场景文本检索旨在从图像画廊中找到包含查询文本的所有图像。当前的努力倾向于采用光学字符识别(OCR)流程,这需要复杂的文本检测和/或识别过程,导致效率低下和灵活性差。与它们不同,在这项工作中,我们提出了对比语言图像预训练(CLIP)无OCR场景文本检索的内在潜力的探索。通过实证分析,我们观察到CLIP作为文本检索器的主要挑战是:1)文本感知范围有限,2)纠缠的视觉语义概念。为此,我们开发了一个名为FDP(关注、区分和提示)的新模型。FDP首先通过将注意力和文本区域对齐来聚焦场景文本,并探索隐藏的文本知识,然后将查询文本分为内容词和功能词进行处理,其中采用语义提示方案和分心的查询帮助模块。大量的实验证明,FDP在提高推理速度的同时,与现有方法的检索准确性相比较,实现了显著的提高。值得注意的是,在IIIT-STR基准上,FDP超过了最先进的模型,速度快了4倍。此外,在短语级别和属性意识的场景文本检索设置中,进一步的实验证实了FDP在处理各种查询文本形式方面的独特优势。源代码将公开发布在https://这个URL上。
https://arxiv.org/abs/2408.00441
More and more end-to-end text spotting methods based on Transformer architecture have demonstrated superior performance. These methods utilize a bipartite graph matching algorithm to perform one-to-one optimal matching between predicted objects and actual objects. However, the instability of bipartite graph matching can lead to inconsistent optimization targets, thereby affecting the training performance of the model. Existing literature applies denoising training to solve the problem of bipartite graph matching instability in object detection tasks. Unfortunately, this denoising training method cannot be directly applied to text spotting tasks, as these tasks need to perform irregular shape detection tasks and more complex text recognition tasks than classification. To address this issue, we propose a novel denoising training method (DNTextSpotter) for arbitrary-shaped text spotting. Specifically, we decompose the queries of the denoising part into noised positional queries and noised content queries. We use the four Bezier control points of the Bezier center curve to generate the noised positional queries. For the noised content queries, considering that the output of the text in a fixed positional order is not conducive to aligning position with content, we employ a masked character sliding method to initialize noised content queries, thereby assisting in the alignment of text content and position. To improve the model's perception of the background, we further utilize an additional loss function for background characters classification in the denoising training part.Although DNTextSpotter is conceptually simple, it outperforms the state-of-the-art methods on four benchmarks (Total-Text, SCUT-CTW1500, ICDAR15, and Inverse-Text), especially yielding an improvement of 11.3% against the best approach in Inverse-Text dataset.

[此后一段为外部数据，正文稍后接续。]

(* Let $G$ be a group, $H\le G$ with $[G:H]=m$, and $f_1,\dots,f_s:H\to G$ homomorphisms such that $G$ is self-similar and finite-state with respect to the $G$-data $((m,\dots,m),(H,\dots,H),(f_1,\dots,f_s))$ ($s$ entries each). Consider the following two $G^s$-data: (1) $((m^s,\dots,m^s),(H^s,\dots,H^s),(\rho_1,\dots,\rho_s))$ ($s$ entries each), where for $j=1,\dots,s$ the homomorphism $\rho_j:H^s\to G^s$ is $(h_1,\dots,h_s)\mapsto(h_1^{f_{j}},h_2^{f_{j+1}},\dots,h_s^{f_{j+s-1}})$, indices of the $f$'s taken modulo $s$ in $\{1,\dots,s\}$; (2) $((m^s,1),(H^s,G^s),(\rho,\tau))$, where $\rho:H^s\to G^s$, $(h_1,\dots,h_s)\mapsto(h_1^{f_1},\dots,h_s^{f_s})$, and $\tau:G^s\to G^s$, $(g_1,\dots,g_s)\mapsto(g_s,g_1,\dots,g_{s-1})$. Then each of these data is simple and $G^s$ is finite-state with respect to each of them.
   Context: For $m\ge2$, $\mathcal A_m$ is the automorphism group of the one-rooted $m$-regular tree; each $\alpha\in\mathcal A_m$ is written $\alpha=(\alpha_1,\dots,\alpha_m)\sigma(\alpha)$ with $\sigma(\alpha)\in S_m$ the first-level action and $\alpha_i$ the states; $Q(\alpha)=\{\alpha\}\cup\bigcup_iQ(\alpha_i)$, $\alpha$ is finite-state if $Q(\alpha)$ is finite, and $\mathcal F_m$ is the group of finite-state automorphisms. Conventions: maps written on the right ($h^f$). A $G$-data $(\mathbf m,\mathbf H,\mathbf F)$ consists of subgroups $H_1,\dots,H_s$ with $[G:H_i]=m_i$, $m=\sum m_i$, and homomorphisms (virtual endomorphisms) $f_i:H_i\to G$. Choosing right transversals $T_i$ of $H_i$, with $\theta_i(g,t)=tg(t')^{-1}$ where $H_it'=H_itg$ and $g^\sigma$ the permutation $t\mapsto t'$ of $T_1\sqcup\dots\sqcup T_s\cong\{1,\dots,m\}$, the data induces $\varphi:G\to\mathcal A_m$, $g^\varphi=((\theta_i(g,t)^{f_i})^\varphi\mid t\in T_i,1\le i\le s)\,g^\sigma$, whose kernel is the $\mathbf F$-core: the largest subgroup of $\bigcap_iH_i$ normal in $G$ and $f_i$-invariant for all $i$ ($K$ is $f$-invariant if $K\subseteq\mathrm{dom}(f)$ and $K^f\le K$). The data is simple if the $\mathbf F$-core is trivial; the group is then self-similar with respect to it, and it is finite-state with respect to it if for some choice of transversals its image under $\varphi$ lies in $\mathcal F_m$. *)

From Stdlib Require Import ClassicalEpsilon FunctionalExtensionality.
From mathcomp Require Import all_boot.
Set Implicit Arguments. Unset Strict Implicit. Unset Printing Implicit Defensive.

Record grp := Grp {
  gcar :> Type;
  gmul : gcar -> gcar -> gcar;
  gone : gcar;
  ginv : gcar -> gcar;
  gmulA : forall x y z, gmul x (gmul y z) = gmul (gmul x y) z;
  gmul1 : forall x, gmul gone x = x;
  gmulg1 : forall x, gmul x gone = x;
  gmulV : forall x, gmul (ginv x) x = gone;
  gmulgV : forall x, gmul x (ginv x) = gone }.

Section GroupDefs.
Variable G : grp.
Local Notation "x * y" := (gmul x y).
Local Notation "x ^-1" := (ginv x).
Local Notation "1" := (gone G).

Definition is_subgroup (H : G -> Prop) :=
  H 1 /\ (forall a b, H a -> H b -> H (a * b)) /\ (forall a, H a -> H (a^-1)).

(* right cosets: H a = H b  iff  a * b^-1 \in H *)
Definition index (H : G -> Prop) (n : nat) :=
  exists tr : 'I_n -> G, forall g : G, exists! x, H (g * (tr x)^-1).

(* a homomorphism H -> G, given as a function on G whose values outside H are
   irrelevant *)
Definition hom_on (H : G -> Prop) (f : G -> G) :=
  forall a b, H a -> H b -> f (a * b) = f a * f b.

Definition normal (K : G -> Prop) := forall k g, K k -> K (g^-1 * k * g).
End GroupDefs.

Record data (G : grp) := Data {
  dn : nat;
  dm : 'I_dn -> nat;
  dH : 'I_dn -> G -> Prop;
  df : 'I_dn -> G -> G }.
Arguments dn {G} d.
Arguments dm {G} d i.
Arguments dH {G} d i _.
Arguments df {G} d i _.

Definition is_data (G : grp) (D : data G) :=
  forall i, is_subgroup (dH D i) /\ index (dH D i) (dm D i) /\ hom_on (dH D i) (df D i).

(* The data is simple iff its F-core (the largest subgroup of /\_i H_i that is
   normal in G and f_i-invariant for all i) is trivial, i.e. every such subgroup
   is trivial. *)
Definition simple (G : grp) (D : data G) :=
  forall K : G -> Prop, is_subgroup K -> normal K ->
    (forall i k, K k -> dH D i k) ->
    (forall i k, K k -> K (df D i k)) ->
    forall k, K k -> k = gone G.

Definition asb (P : Prop) : bool :=
  if excluded_middle_informative P then true else false.

(* Letters of the tree are 'I_M; letter x belongs to component c x and
   represents the transversal element tr x of H_(c x). *)
Definition transversal_ok (G : grp) (D : data G) (M : nat)
    (c : 'I_M -> 'I_(dn D)) (tr : 'I_M -> G) :=
  (forall i, #|[pred x | c x == i]| = dm D i) /\
  (forall i (g : G), exists! x, c x = i /\ dH D i (gmul g (ginv (tr x)))).

Arguments transversal_ok {G} D {M} c tr.

Definition cosrep (G : grp) (D : data G) (M : nat)
    (c : 'I_M -> 'I_(dn D)) (tr : 'I_M -> G) (x : 'I_M) (g : G) : 'I_M :=
  odflt x [pick y | (c y == c x) &&
                    asb (dH D (c x) (gmul (gmul (tr x) g) (ginv (tr y))))].

(* action of g^phi on words:
   (x w)^(g^phi) = x^(g^sigma) w^((theta(g,x)^(f_i))^phi) *)
Fixpoint phi (G : grp) (D : data G) (M : nat)
    (c : 'I_M -> 'I_(dn D)) (tr : 'I_M -> G) (w : seq 'I_M) (g : G) : seq 'I_M :=
  match w with
  | [::] => [::]
  | x :: w' =>
      let y := @cosrep G D M c tr x g in
      y :: @phi G D M c tr w' (df D (c x) (gmul (gmul (tr x) g) (ginv (tr y))))
  end.

Arguments phi {G} D {M} c tr w g.

(* state (section) of alpha at vertex u: (u w)^alpha = u^alpha w^(alpha_u) *)
Definition state (A : Type) (alpha : seq A -> seq A) (u : seq A) : seq A -> seq A :=
  fun w => drop (size u) (alpha (u ++ w)).

Definition finite_state (A : Type) (alpha : seq A -> seq A) :=
  exists (n : nat) (L : 'I_n -> seq A -> seq A),
    forall u, exists k, state alpha u = L k.

Definition finite_state_wrt (G : grp) (D : data G) :=
  exists (M : nat) (c : 'I_M -> 'I_(dn D)) (tr : 'I_M -> G),
    transversal_ok D c tr /\ forall g : G, finite_state (fun w => phi D c tr w g).

Section Power.
Variables (G : grp) (s : nat).
Definition pcar := 'I_s -> G.
Definition pmul (a b : pcar) : pcar := fun i => gmul (a i) (b i).
Definition pone : pcar := fun _ => gone G.
Definition pinv (a : pcar) : pcar := fun i => ginv (a i).
Lemma pmulA x y z : pmul x (pmul y z) = pmul (pmul x y) z.
Proof. apply: functional_extensionality => i; exact: gmulA. Qed.
Lemma pmul1 x : pmul pone x = x.
Proof. apply: functional_extensionality => i; exact: gmul1. Qed.
Lemma pmulg1 x : pmul x pone = x.
Proof. apply: functional_extensionality => i; exact: gmulg1. Qed.
Lemma pmulV x : pmul (pinv x) x = pone.
Proof. apply: functional_extensionality => i; exact: gmulV. Qed.
Lemma pmulgV x : pmul x (pinv x) = pone.
Proof. apply: functional_extensionality => i; exact: gmulgV. Qed.
Definition gpow : grp := Grp pmulA pmul1 pmulg1 pmulV pmulgV.
End Power.

Definition addI (s : nat) : 'I_s -> 'I_s -> 'I_s :=
  match s return 'I_s -> 'I_s -> 'I_s with
  | 0 => fun i _ => i
  | n.+1 => fun i j => inord ((i + j) %% n.+1)
  end.
Definition predI (s : nat) : 'I_s -> 'I_s :=
  match s return 'I_s -> 'I_s with
  | 0 => fun i => i
  | n.+1 => fun k => inord ((k + n) %% n.+1)
  end.

Section TheData.
Variables (G : grp) (s m : nat) (H : G -> Prop) (f : 'I_s -> G -> G).

Definition data0 : data G := @Data G s (fun _ => m) (fun _ => H) f.

Definition Hpow : gpow G s -> Prop := fun h => forall k, H (h k).

(* rho_j (h_1..h_s) = (h_1^(f_j), h_2^(f_(j+1)), ..., h_s^(f_(j+s-1)));
   0-based: component k gets f_(j+k mod s) *)
Definition rhoj (j : 'I_s) (h : gpow G s) : gpow G s :=
  fun k => f (addI j k) (h k).
Definition rho (h : gpow G s) : gpow G s := fun k => f k (h k).
Definition tau (g : gpow G s) : gpow G s := fun k => g (predI k).

Definition data1 : data (gpow G s) :=
  @Data (gpow G s) s (fun _ => m ^ s) (fun _ => Hpow) rhoj.

Definition data2 : data (gpow G s) :=
  @Data (gpow G s) 2
    (fun i => if i == ord0 then m ^ s else 1)
    (fun i => if i == ord0 then Hpow else (fun _ => True))
    (fun i => if i == ord0 then rho else tau).
End TheData.

(* Take as letters of the tree of G^s the s-tuples of letters of the tree of G
   (the k-th entry in the component prescribed for coordinate k), plus, for the
   second datum, one letter whose transversal element is 1.  Then g^phi acts
   coordinatewise: coset representatives and sections are computed coordinate by
   coordinate in G, so every coordinate of a section of g is a section of some
   coordinate g_k', and the action of g depends only on the tuple of the
   (g_k)^phi.  Hence the states of g^phi are controlled by s-tuples drawn from the
   finitely many states of the (g_k')^phi.  For simplicity, the projection of an
   F-core K on a coordinate is a normal subgroup of G contained in H; it is
   invariant under every f_i, since rho_j puts f_(j+k) on coordinate k, resp.
   since the cyclic shift tau carries each coordinate of K to every other one;
   so it is trivial. *)

From Pilot Require Import Defs.
From Stdlib Require Import ClassicalEpsilon FunctionalExtensionality.
From mathcomp Require Import all_boot.
Set Implicit Arguments. Unset Strict Implicit. Unset Printing Implicit Defensive.

Lemma asbE (P : Prop) : asb P = true <-> P.
Proof. by rewrite /asb; case: excluded_middle_informative. Qed.

Lemma ginv1 (G : grp) : ginv (gone G) = gone G.
Proof. by rewrite -{1}(gmul1 (ginv (gone G))) gmulgV. Qed.

Section TreeMap.
Variables (G : grp) (D : data G) (M : nat) (c : 'I_M -> 'I_(dn D)) (tr : 'I_M -> G).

越来越多的基于Transformer架构的端到端文本检测方法表现出卓越的性能。这些方法利用二分图匹配算法执行预测物体和实际物体的一对一最优匹配。然而,二分图匹配的不稳定性可能导致不一致的优化目标,从而影响模型的训练性能。现有文献在物体检测任务上应用去噪训练来解决二分图匹配不稳定性的问题。然而,这种去噪训练方法无法直接应用于文本检测任务,因为这些任务需要执行不规则形状检测任务和比分类更加复杂的多文本识别任务。为了解决这个问题,我们提出了一个名为DNTextSpotter的新型去噪训练方法(DNTextSpotter)。具体来说,我们将去噪部分的查询分解为噪音位置查询和噪音内容查询。我们使用Bezier曲线中四个贝塞尔控制点生成噪音位置查询。考虑到固定位置的文本输出不利于将位置与内容对齐,我们采用遮罩字符滑动方法初始化噪音内容查询,从而帮助文本内容与位置对齐。为了提高模型对背景的感知,我们还进一步在去噪训练部分应用了背景字符分类的额外损失函数。尽管DNTextSpotter在概念上很简单,但在四个基准测试(Total-Text,SCUT-CTW1500,ICDAR15和Inverse-Text)上的表现超过了最先进的方法,尤其是相对于Inverse-Text数据集的最佳方法提高了11.3%。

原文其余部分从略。